Other than the above. we shall not retain any Personal Data longer than necessary for the Processing and refrain from Processing any Personal Data for our own or for any third party’s purposes.
- We shall not disclose Personal Data to any third parties other than employees, directors, agents, subcontractors, suppliers or advisors on a strict “need-to-know” basis and only under the same (or more extensive) conditions as set out in these terms and conditions or to the extent required by applicable legislation and/or regulations.
- We shall implement and maintain technical and organisational security measures as are required to protect Personal Data Processed by us on behalf of you. Further information about our approach to data protection are specified in our Data Protection Policy, which can be found on the Website.

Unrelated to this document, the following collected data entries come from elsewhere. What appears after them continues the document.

(* Fix an instance of the data in the context and a cycle basis of the network graph $(\mathcal B,\mathcal L)$. For each cycle $C$ of the basis, with buses labeled $1,\dots,n$ in cyclic order ($n=|C|$) and oriented edges $(1,2),\dots,(n-1,n),(n,1)$, impose: (1) if $n=3$: $s_{12}c_{33}+c_{23}s_{31}+s_{23}c_{31}=0$ and $c_{12}c_{33}-c_{23}c_{31}+s_{23}s_{31}=0$; (2) if $n=4$: $s_{12}c_{34}+c_{12}s_{34}+s_{23}c_{41}+c_{23}s_{41}=0$ and $c_{12}c_{34}-s_{12}s_{34}-c_{23}c_{41}+s_{23}s_{41}=0$; (3) if $n\ge5$ is odd: auxiliary real variables $\tilde c_{1,2i},\tilde s_{1,2i}$ for $i=2,\dots,\frac{n-1}{2}$, with $\tilde c_{12}=c_{12}$, $\tilde s_{12}=s_{12}$, and constraints, for $i=2,\dots,\frac{n-1}{2}$: $\tilde c_{1,2i-2}c_{2i-1,2i}-\tilde s_{1,2i-2}s_{2i-1,2i}-\tilde c_{1,2i}c_{2i-2,2i-1}-\tilde s_{1,2i}s_{2i-2,2i-1}=0$, $\tilde s_{1,2i-2}c_{2i-1,2i}+\tilde c_{1,2i-2}s_{2i-1,2i}-\tilde s_{1,2i}c_{2i-2,2i-1}+\tilde c_{1,2i}s_{2i-2,2i-1}=0$; and $\tilde c_{1,n-1}c_{n-1,n}-\tilde s_{1,n-1}s_{n-1,n}-c_{n,1}c_{n-1,n-1}=0$, $\tilde s_{1,n-1}c_{n-1,n}+\tilde c_{1,n-1}s_{n-1,n}+s_{n,1}c_{n-1,n-1}=0$; $\tilde s_{1,i}^2+\tilde c_{1,i}^2=c_{11}c_{ii}$ for every even $i$ with $2\le i\le n-1$; and $c_{ij}^2+s_{ij}^2=c_{ii}c_{jj}$ for every edge $(i,j)$ of $C$; (4) if $n\ge6$ is even: auxiliary real variables $\tilde c_{1,2i},\tilde s_{1,2i}$ for $i=2,\dots,\frac n2-1$, with $\tilde c_{12}=c_{12}$, $\tilde s_{12}=s_{12}$, $\tilde c_{1,n}=c_{1,n}$, $\tilde s_{1,n}=s_{1,n}$, and constraints, for $i=2,\dots,\frac n2$: $\tilde c_{1,2i-2}c_{2i-1,2i}-\tilde s_{1,2i-2}s_{2i-1,2i}-\tilde c_{1,2i}c_{2i-2,2i-1}-\tilde s_{1,2i}s_{2i-2,2i-1}=0$, $\tilde s_{1,2i-2}c_{2i-1,2i}+\tilde c_{1,2i-2}s_{2i-1,2i}-\tilde s_{1,2i}c_{2i-2,2i-1}+\tilde c_{1,2i}s_{2i-2,2i-1}=0$; $\tilde s_{1,i}^2+\tilde c_{1,i}^2=c_{11}c_{ii}$ for every even $i$ with $2\le i\le n-1$; and $c_{ij}^2+s_{ij}^2=c_{ii}c_{jj}$ for every edge $(i,j)$ of $C$. Then: (a) (validity) for every feasible point $(p^g,q^g,c,s,\theta)$ of the OPF formulation in the context, there exist values of the auxiliary variables such that all constraints (1)–(4) hold for every cycle of the basis; and (b) every $(p^g,q^g,c,s)$ satisfying (ALT), the coupling equalities $c_{ij}^2+s_{ij}^2=c_{ii}c_{jj}$ for all lines, and constraints (1)–(4) (for some values of the auxiliary variables) satisfies, for each cycle $C$ in the basis, $\sum_{(i,j)\in C}\operatorname{atan2}(s_{ij},c_{ij})=2\pi k$ for some integer $k$ (sum over the oriented edges of $C$).
   Context: Data: finite bus set $\mathcal B$, line set $\mathcal L$ (unordered pairs of distinct buses; variables $c_{ij},s_{ij}$ for both orientations of each line), $\delta(i)$ the neighbors of $i$, generator set $\mathcal G\subseteq\mathcal B$, reals $G_{ij},B_{ij}$ (lines), $G_{ii},B_{ii}$ (buses), demands $p_i^d,q_i^d$, voltage bounds $0<\underline V_i\le\overline V_i$, generator bounds $p_i^{\min}\le p_i^{\max}$, $q_i^{\min}\le q_i^{\max}$ ($i\in\mathcal G$). Variables $p_i^g,q_i^g$ for $i\in\mathcal G$, with $p_i^g=q_i^g=0$ for $i\notin\mathcal G$. (ALT): $p_i^g-p_i^d=G_{ii}c_{ii}+\sum_{j\in\delta(i)}(G_{ij}c_{ij}-B_{ij}s_{ij})$, $q_i^g-q_i^d=-B_{ii}c_{ii}+\sum_{j\in\delta(i)}(-B_{ij}c_{ij}-G_{ij}s_{ij})$, $\underline V_i^2\le c_{ii}\le\overline V_i^2$ ($i\in\mathcal B$); $c_{ij}=c_{ji}$, $s_{ij}=-s_{ji}$ (lines); $p_i^{\min}\le p_i^g\le p_i^{\max}$, $q_i^{\min}\le q_i^g\le q_i^{\max}$ ($i\in\mathcal G$). OPF formulation: variables $(p^g,q^g,c,s,\theta)$ with $\theta\in\mathbb R^{\mathcal B}$ satisfying (ALT), $c_{ij}^2+s_{ij}^2=c_{ii}c_{jj}$ and $\theta_j-\theta_i=\operatorname{atan2}(s_{ij},c_{ij})$ for every line $(i,j)$. Here $\operatorname{atan2}(y,x)\in(-\pi,\pi]$ is the angle of the point $(x,y)\neq(0,0)$. A cycle basis is a basis of the cycle space of the graph consisting of cycles. *)

From HB Require Import structures.
From mathcomp Require Import all_boot all_order all_algebra.
From mathcomp Require Import all_classical all_reals all_analysis.
Set Implicit Arguments. Unset Strict Implicit. Unset Printing Implicit Defensive.
Import Order.TTheory GRing.Theory Num.Theory.
Local Open Scope ring_scope.

Section OPF.
Variable R : realType.

(* atan2 y x : the angle in (-pi, pi] of the point (x, y) <> (0,0);
   the value at (0,0) (where atan2 is undefined) is fixed to 0. *)
Definition atan2 (y x : R) : R :=
  if 0 < x then atan (y / x)
  else if x < 0 then (if 0 <= y then atan (y / x) + pi else atan (y / x) - pi)
  else if 0 < y then pi / 2
  else if y < 0 then - (pi / 2)
  else 0.

Variable Bus : finType.

(* The network is given by its lines, each with a fixed orientation:
   [ln i j] means that {i,j} is a line written (i,j).  The (undirected)
   adjacency is [adj]. *)
Definition adj (ln : rel Bus) : rel Bus := fun i j => ln i j || ln j i.

Definition lines_ok (ln : rel Bus) : Prop :=
  (forall i, ~~ ln i i) /\ (forall i j, ln i j -> ~~ ln j i).

Definition lineset (ln : rel Bus) : {set {set Bus}} :=
  [set e : {set Bus} | [exists x, exists y, ln x y && (e == [set x; y])]].

Definition is_cycle (ln : rel Bus) (p : seq Bus) : Prop :=
  [/\ uniq p, (2 < size p)%N & cycle (adj ln) p].

Definition cyc_oedges (p : seq Bus) : seq (Bus * Bus) := zip p (rot 1 p).

Definition cyc_edges (p : seq Bus) : {set {set Bus}} :=
  [set e : {set Bus} | has (fun x => e == [set x.1; x.2]) (cyc_oedges p)].

Definition in_cycle_space (ln : rel Bus) (F : {set {set Bus}}) : Prop :=
  F \subset lineset ln /\ forall v : Bus, ~~ odd #|[set e in F | v \in e]|.

Definition gf2_sum (m : nat) (cyc : 'I_m -> seq Bus) (S : {set 'I_m})
  : {set {set Bus}} :=
  [set e : {set Bus} | odd #|[set k in S | e \in cyc_edges (cyc k)]|].

Definition cycle_basis (ln : rel Bus) (m : nat) (cyc : 'I_m -> seq Bus) : Prop :=
  [/\ forall k, is_cycle ln (cyc k),
      forall S : {set 'I_m}, gf2_sum cyc S = finset.set0 -> S = finset.set0 &
      forall F, in_cycle_space ln F -> exists S, gf2_sum cyc S = F].
(* Let $F$ be a field with $\operatorname{char}F\ne2$, let $a,b\in F$ with $E=F(\sqrt a,\sqrt b)$ satisfying $[E:F]=4$. Suppose there exist (in a fixed algebraic closure of $F$) a Galois extension $D^{a,b}$ of $F$ with $E\subseteq D^{a,b}$, $\operatorname{Gal}(D^{a,b}/F)\cong D$ and $\operatorname{Gal}(D^{a,b}/F(\sqrt{ab}))\cong C$, and a cyclic quartic extension $C^a$ of $F$ with $F(\sqrt a)\subseteq C^a$. Let $K$ be the composite $D^{a,b}C^a$. Then $K/F$ is Galois and $\operatorname{Gal}(K/F)\cong D\curlywedge C$.
   Context: $D$ is the dihedral group of order 8, $C$ the cyclic group of order 4. $D\curlywedge C$ is the pullback of a homomorphism $\lambda:D\to\mathbb Z/2\mathbb Z$ with kernel isomorphic to $\mathbb Z/2\times\mathbb Z/2$ and the nontrivial homomorphism $\eta:C\to\mathbb Z/2\mathbb Z$: $D\curlywedge C=\{(u,v)\in D\times C:\lambda(u)=\eta(v)\}$, of order 16. *)

From HB Require Import structures.
From mathcomp Require Import all_boot all_order all_algebra all_fingroup all_solvable all_field.
Set Implicit Arguments. Unset Strict Implicit. Unset Printing Implicit Defensive.

(* D = dihedral group of order 8 : the type  'D_8  (solvable/extremal.v)
   C = cyclic group of order 4   : the additive group  'Z_4
   Z/2Z                           : the additive group  'Z_2
   Z/2 x Z/2                      : the external direct product 'Z_2 * 'Z_2 *)

Definition pullback (aT bT rT : finGroupType) (lam : aT -> rT) (eta : bT -> rT)
  : {set (aT * bT)%type} :=
  [set u : (aT * bT)%type | lam u.1 == eta u.2].

From HB Require Import structures.
From mathcomp Require Import all_boot all_order all_algebra all_fingroup all_solvable.
From mathcomp Require Import all_field.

For any enquiries or complaints regarding data privacy, you can contact our Data Protection Officer at the following e-mail address: email@example.com.
Circumstances beyond the control of either party
- Neither party shall be liable for any failure or delay in performing their obligations where such failure or delay results from any cause that is beyond the reasonable control of that party. Such causes include, but are not limited to: power failure, internet service provider failure, industrial action, civil unrest, fire, flood, storms, earthquakes, acts of terrorism, acts of war, governmental action or any other event that is beyond the control of the party in question.
- No waiver by us of any breach of these Terms and Conditions by you shall be considered as a waiver of any subsequent breach of the same or any other provision.
- If one or more of these Terms and Conditions is found to be unlawful, invalid or otherwise unenforceable, that / those provisions shall be deemed severed from the remainder of these Terms and Conditions (which will remain valid and enforceable).
Law and jurisdiction
- This Agreement shall be governed by and interpreted according to the law of England and Wales and all disputes arising under the Agreement (including non-contractual disputes or claims) shall be subject to the exclusive jurisdiction of the English and Welsh courts.